━━━ Listed records ━━━

(** Explore the open cluster of a vertex one active vertex [a] at a time: [a]
  reveals its open edges towards the unexplored vertices, which yields at most
  Binomial(n, c/n) new active vertices once [n p <= c].  With
  [d = c - 1 - ln c], [s = e^d] and [h = e^(1-c)] we have [s h = 1/c] and
  [E[(1/c)^X] <= e^(c (1/c - 1)) = h] for such a binomial [X].  The revealed
  edges are independent of everything explored before, so induction along the
  exploration gives [E[s^#explored] <= h^#active], hence
  [E[e^(d |E_v|)] <= s h = 1/c].  Markov's inequality and a union bound over the
  [n] vertices bound the probability of a cluster larger than [M log n] by
  [n^(1 - d M) / c].  Since [d] tends to [C - 1 - log C] as [c] decreases to
  [C], some [c > C] still has [d M - 1 > theta]; for large [n] we then have
  [alpha n <= c - C] and [n^(1 - d M) / c <= n^(-theta)]. *)

Lemma connect_closed_pred (T : finType) (e : rel T) (P : pred T) x y :
  (forall z z', P z -> e z z' -> P z') -> P x -> connect e x y -> P y.
Proof.
move=> closedP + /connectP[q]; elim: q x => [|z q IHq] x Px /=; first by move=> _ ->.
by case/andP=> exz pz; apply: IHq (closedP _ _ Px exz) pz.
Qed.

Section Exploration.
Variables (T : finType) (r : rel T).
Implicit Types (a b u : T) (A B U V : {set T}).

Definition nbr a U := [set u in U | r a u].

Definition within A U : rel T := fun x y => [&& x \in A :|: U, y \in U & r x y].

(* With active set [A] and unexplored set [U], [explore A U] is the part of the
   clusters of [A] that remains to be discovered. *)
Definition explore A U := [set u in U | [exists b in A, connect (within A U) b u]].

Lemma nbr_sub a U : nbr a U \subset U.
Proof. by apply/fintype.subsetP => u; rewrite inE => /andP[]. Qed.

Lemma explore_sub A U : explore A U \subset U.
Proof. by apply/fintype.subsetP => u; rewrite inE => /andP[]. Qed.

Lemma explore0 U : explore finset.set0 U = finset.set0.
Proof.
by apply/setP => u; rewrite !inE; case: exists_inP => [[b]|]; rewrite ?inE ?andbF.
Qed.

Lemma explore_succ A U x y :
  x \in A :|: explore A U -> y \in U -> r x y -> y \in explore A U.
Proof.
move=> xAE yU rxy; rewrite inE yU /=.
have xAU : x \in A :|: U.
  by move: xAE; rewrite !inE => /orP[->//|/andP[-> _]]; rewrite orbT.
have xy : within A U x y by rewrite /within xAU yU.
move: xAE; rewrite inE => /orP[xA|]; first by apply/exists_inP; exists x => //; apply: connect1.
rewrite inE => /andP[_ /exists_inP[b bA bx]].
by apply/exists_inP; exists b => //; apply: connect_trans bx (connect1 xy).
Qed.

Lemma explore_from_explored A U B V : [disjoint A & U] ->
  B \subset A :|: explore A U -> V \subset U -> explore B V \subset explore A U.
Proof.
move=> dAU sB sV; apply/fintype.subsetP => u; rewrite inE => /andP[uV /exists_inP[b bB bu]].
have : u \in A :|: explore A U.
  apply: (connect_closed_pred (P := [in A :|: explore A U]) _ (fintype.subsetP sB b bB) bu).
  move=> z z' zAE /and3P[_ z'V zz'].
  by rewrite inE (explore_succ zAE (fintype.subsetP sV z' z'V) zz') orbT.
by rewrite inE (disjointFl dAU (fintype.subsetP sV u uV)).
Qed.

Section Step.
Variables (a : T) (A U : {set T}).
Hypotheses (aA : a \in A) (dAU : [disjoint A & U]).

Let N := nbr a U.
Let A' := A :\ a :|: N.
Let U' := U :\: N.
(* Cauchy-Schwarz, from 0 <= <(F - <F>)^2>. *)
Lemma gibbs_avg_sqr_le F : measurable_fun S F -> (forall c, S c -> `|F c| <= 1) ->
  gibbs_avg V mu F ^+ 2 <= gibbs_avg V mu (fun c => F c ^+ 2).
Proof.
move=> mF F1; set a := gibbs_avg V mu F.
have mS : measurable S := measurable_sphere_configs.
have Z0 := partition_gt0.
have intF := integrable_mul_boltz mF F1.
have intF2 : mu.-integrable S (EFin \o (fun c => F c ^+ 2 * b c)).
  apply: integrable_mul_boltz; first exact: measurable_funX.
  by move=> c Sc; rewrite normrX exprn_ile1 ?F1.
have intb := integrable_boltz.
have aZ : \int[mu]_(c in S) (F c * b c) = a * \int[mu]_(c in S) b c.
  by rewrite /a gibbs_avgE divfK // gt_eqF.
have : \int[mu]_(c in S) (2 * a * (F c * b c)) <=
       \int[mu]_(c in S) (F c ^+ 2 * b c + a ^+ 2 * b c).
  apply: le_Rintegral => //.
  - exact: integrable_EFinZl.
  - by apply: integrable_EFinD => //; exact: integrable_EFinZl.
  - by move=> c _; have := sqr_ge0 (F c - a); have := boltz_gt0 c; nra.
rewrite RintegralZl // RintegralD //; last exact: integrable_EFinZl.
rewrite RintegralZl // aZ => h.
by rewrite gibbs_avgE ler_pdivlMr //; nra.
Qed.

Lemma gibbs_avg_le_sqrt F : measurable_fun S F -> (forall c, S c -> 0 <= F c <= 1) ->
  gibbs_avg V mu F <= Num.sqrt (gibbs_avg V mu (fun c => F c ^+ 2)).
Proof.
move=> mF F01.
have F1 c : S c -> `|F c| <= 1 by move=> /F01 /andP[F0 F1]; rewrite ger0_norm.
have avg_ge0 : 0 <= gibbs_avg V mu F by apply: gibbs_avg_ge0 => c /F01 /andP[].
rewrite -(ger0_norm avg_ge0) -sqrtr_sqr ler_sqrt ?gibbs_avg_sqr_le //.
by apply: gibbs_avg_ge0 => c _; exact: sqr_ge0.
Qed.

End Gibbs.

Section FlipSymmetry.
Variables (R : realType) (L N : nat) (V : 'I_L -> 'I_L -> R -> R).
Variable mu : {measure set (config R L N) -> \bar R}.
Hypothesis V_meas : forall x y, measurable_fun (`[-1, 1]%classic : set R) (V x y).
Hypothesis V_odd_bounded : forall x y, exists M : R,
  forall s, s \in (`[-1, 1] : interval R) -> `|odd_part (V x y) s| <= M.
Hypothesis mu_flip : forall (eta : {ffun 'I_L -> bool}) (A : set (config R L N)),
  measurable A -> mu (flip eta @^-1` A) = mu A.
Hypothesis Z_fin : (0 < partition_fun V mu < +oo)%E.
Local Notation S := (@sphere_configs R L N).
Local Notation b := (@boltz R L N V).
Local Notation eps := (@ising_spin R).
Local Notation sdot c x y := (dotv (site c x) (site c y)).
Local Notation flips := {ffun 'I_L -> bool}.
Implicit Types (c : config R L N) (F : config R L N -> R).

Definition odd_coupling c x y : R := odd_part (V x y) (sdot c x y).

Definition even_boltz c : R :=
  expR (\sum_(x < L) \sum_(y < L | (x < y)%N)
          (V x y (sdot c x y) + V x y (- sdot c x y)) / 2).

Lemma boltz_flip (eta : flips) c :
  b (flip eta c) = even_boltz c * ising_weight (odd_coupling c) eta.
Proof.
rewrite /boltz /hamiltonian opprK /even_boltz /ising_weight -expRD -big_split /=.
congr expR; apply: eq_bigr => x _; rewrite -big_split /=; apply: eq_bigr => y _.
rewrite dotv_flip /odd_coupling /odd_part.
by case: (eta x); case: (eta y); rewrite /ising_spin ?mulrNN ?mulr1 ?mul1r ?mulN1r ?mulrN1; lra.
Qed.

Lemma odd_coupling_le_J c x y : S c -> `|odd_coupling c x y| <= Jcoupling V x y.
Proof.
move=> Sc; apply: ub_le_sup.
  by have [M hM] := V_odd_bounded x y; exists M => _ [s hs <-]; exact: hM.
exists (sdot c x y) => //.
by have := sphere_dotv_le1 x y Sc; rewrite /= in_itv /= ler_norml.
Qed.

Lemma Jcoupling_ge0 x y : 0 <= Jcoupling V x y.
Proof.
apply: le_trans (normr_ge0 (odd_part (V x y) 0)) _; apply: ub_le_sup.
  by have [M hM] := V_odd_bounded x y; exists M => _ [s hs <-]; exact: hM.
by exists 0 => //; rewrite /= in_itv /= lerN10 ler01.
Qed.

Let integrable_flip (eta : flips) f : mu.-integrable S (EFin \o f) ->
  mu.-integrable S (EFin \o (fun c => f (flip eta c))).
Proof.
move=> intf; exact (integrable_comp_measure_preserving measurable_sphere_configs
  (measurable_flip eta) (flip_preimage_sphere eta) (mu_flip eta) intf).
Qed.

Let Rintegral_flip (eta : flips) f : mu.-integrable S (EFin \o f) ->
  \int[mu]_(c in S) f (flip eta c) = \int[mu]_(c in S) f c.
Proof.
move=> intf; exact (Rintegral_comp_measure_preserving measurable_sphere_configs
  (measurable_flip eta) (flip_preimage_sphere eta) (mu_flip eta) intf).
Qed.

Lemma integrable_flip_sum f : mu.-integrable S (EFin \o f) ->
  mu.-integrable S (EFin \o (fun c => \sum_(eta : flips) f (flip eta c))).
Proof.
move=> intf.
apply: (@integrable_EFin_sum _ _ _ mu _ measurable_sphere_configs _ (index_enum flips)
  (fun eta c => f (flip eta c))) => eta.
exact: integrable_flip.
Qed.

Lemma Rintegral_flip_sum f : mu.-integrable S (EFin \o f) ->
  \int[mu]_(c in S) (\sum_(eta : flips) f (flip eta c)) =
  (\int[mu]_(c in S) f c) *+ #|flips|.
Proof.
move=> intf.
rewrite (@Rintegral_sum _ _ _ mu _ measurable_sphere_configs _ (index_enum flips)
  (fun eta c => f (flip eta c))) => [|eta]; last exact: integrable_flip.
by rewrite -sumr_const; apply: eq_bigr => eta _; exact: Rintegral_flip.
Qed.
Section Families.
Variable k : nat.
Hypotheses (k_ge2 : 2 <= k) (lt_kn : 2 * k < n).

Let k_gt0 : 0 < k. Proof. exact: ltnW. Qed.
Let k_le_n1 : k <= n.-1. Proof. lia. Qed.
Let k1k_le_n1 : k.-1 + k <= n.-1. Proof. lia. Qed.
Let k2_lt_n1k : k - 2 < n.-1 - k. Proof. lia. Qed.
Let k2S : (k - 2).+1 = k.-1. Proof. lia. Qed.
Let k2SS : (k - 2).+2 = k. Proof. lia. Qed.

Variables (F G : {set {set T}}).
Hypotheses (sFT : F \subset ksets [set: T] k) (sGT : G \subset ksets [set: T] k).
Hypothesis cFG : cross_intersecting F G.

Lemma cross_intersecting_lexfirst_H0 :
  cross_intersecting (lexfirst (ground2 n) k.-1 #|hat1 G|) (H0 k F).
Proof.
pose A := [set A :\ z | A in hat1 G].
have cardA : #|A| = #|hat1 G|.
  apply: card_in_imset => A1 A2; rewrite !in_hat1 => /andP[_ A1z] /andP[_ A2z] eqA.
  by rewrite -(setD1K A1z) eqA setD1K.
have sAX : A \subset ksets (ground2 n) k.-1.
  apply/subsetP => _ /imsetP[A1 + ->]; rewrite in_hat1 => /andP[GA1 A1z].
  have /setIdP[_ /eqP cardA1] := subsetP sGT A1 GA1.
  rewrite inE; apply/andP; split.
    by apply/subsetP => x; rewrite in_ground2 !inE => /andP[].
  by have := cardsD1 z A1; rewrite A1z cardA1 add1n => ->.
have sBX : bar1 F \subset ksets (ground2 n) k.
  apply/subsetP => B; rewrite in_bar1 => /andP[FB Bz].
  have /setIdP[_ cardB] := subsetP sFT B FB.
  rewrite inE cardB andbT; apply/subsetP => x Bx; rewrite in_ground2.
  by apply: contraNneq Bz => <-.
have cAB : cross_intersecting A (bar1 F).
  move=> A2 B /imsetP[A1 + ->]; rewrite in_hat1 in_bar1 => /andP[GA1 A1z] /andP[FB Bz].
  rewrite setIDAC (setDidPl _); first by rewrite setIC cFG.
  by rewrite disjoint_sym disjoints1 inE (negbTE Bz) andbF.
rewrite -cardA; apply: hilton sAX sBX cAB _.
by rewrite card_ground2 k1k_le_n1.
Qed.

Lemma H0_mem_w D : 'C(n - 2, k - 2) <= #|hat1 G| -> D \in H0 k F -> w \in D.
Proof.
move=> le_hat H0D; apply: contraT => Dw.
have /setIdP[sDX /eqP cardD] := lexfirst_ksets H0D.
have Xw : w \in ground2 n by rewrite in_ground2 eq_sym neq_zw.
have [R /setIdP[sRY /eqP cardR]] :
    exists R, R \in ksets ((ground2 n :\: D) :\ w) (k - 2).
  apply: exists_ksets; rewrite -ltnS; have := cardsD1 w (ground2 n :\: D).
  rewrite in_setD Dw Xw (cardsDS sDX) card_ground2 cardD add1n => <-.
  exact: k2_lt_n1k.
have Rw : w \notin R by apply/negP => /(subsetP sRY); rewrite !inE eqxx.
have sRX : R \subset ground2 n.
  by apply: subset_trans sRY _; apply: subset_trans (subsetDl _ _) (subsetDl _ _).
have lexfirstS : w |: R \in lexfirst (ground2 n) k.-1 #|hat1 G|.
  apply: (mem_lexfirst_supset (Y := [set w])).
  - by rewrite inE subUset sub1set Xw sRX cardsU1 Rw cardR add1n k2S /=.
  - by rewrite sub1set setU11.
  - move=> B /setIdP[sBX _] ltB; rewrite sub1set (lexlt_mem_w ltB) ?setU11 //.
    by rewrite (negbTE (ground2_notin_z sBX)).
  by rewrite cardsDS ?sub1set // cards1 card_ground2 -!subn1 -!subnDA.
have /set0Pn[x /setIP[/setU1P[->|Rx] Dx]] :=
  cross_intersecting_lexfirst_H0 lexfirstS H0D.
  by rewrite Dx in Dw.
by move: (subsetP sRY x Rx); rewrite !inE Dx andbF.
Qed.

Lemma intersecting_H0_H1 :
  'C(n - 2, k - 2) <= #|hat1 G| -> intersecting (H0 k F :|: H1 k G).
Proof.
move=> le_hat C1 C2; rewrite !in_setU.
have H1D C : C \in H1 k G -> C :\ z \in lexfirst (ground2 n) k.-1 #|hat1 G| :=
  H1_setD1_lexfirst k_gt0 sGT.
case/orP=> [H0C1|H1C1] /orP[H0C2|H1C2].
- by apply/set0Pn; exists w; rewrite inE !(H0_mem_w le_hat).
- have /set0Pn[x /setIP[/setD1P[_ C2x] C1x]] :=
    cross_intersecting_lexfirst_H0 (H1D C2 H1C2) H0C1.
  by apply/set0Pn; exists x; rewrite inE C1x C2x.
- have /set0Pn[x /setIP[/setD1P[_ C1x] C2x]] :=
    cross_intersecting_lexfirst_H0 (H1D C1 H1C1) H0C2.
  by apply/set0Pn; exists x; rewrite inE C1x C2x.
- by apply/set0Pn; exists z; rewrite inE !(H1_mem_z sGT).
Qed.

Lemma exists_H1_notin_w : 'C(n - 2, k - 2) < #|hat1 G| ->
  exists2 C, C \in H1 k G & w \notin C.
Proof.
move=> lt_hat.
have wz : z \in [set~ w] by rewrite !inE neq_zw.
have [|C0 /setIdP[sC0w cardC0] C0z] := exists_ksets_mem (r := k) wz.
  by rewrite k_gt0 cardsC1 card_ord k_le_n1.
pose W := [set C in ksets [set: T] k | (z \in C) && (w \notin C)].
have WC0 : C0 \in W.
  by rewrite !inE subsetT cardC0 C0z; apply/negP => /(subsetP sC0w); rewrite !inE eqxx.
have [C /setIdP[TC /andP[Cz Cw]] minC] := exists_lexmin WC0.
exists C => //; apply: H1_mem_of_pred => // B TB ltBC.
have Bz := lexlt_mem_z ltBC Cz; rewrite Bz; apply: contraT => Bw.
have WB : B \in W by apply/setIdP; rewrite Bz Bw.
by rewrite (negbTE (minC B WB)) in ltBC.
Qed.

━━━

Prompt:
The answer must consist solely of the number of lines in the entries that contain the word "ltBC".

Completed exercise:
3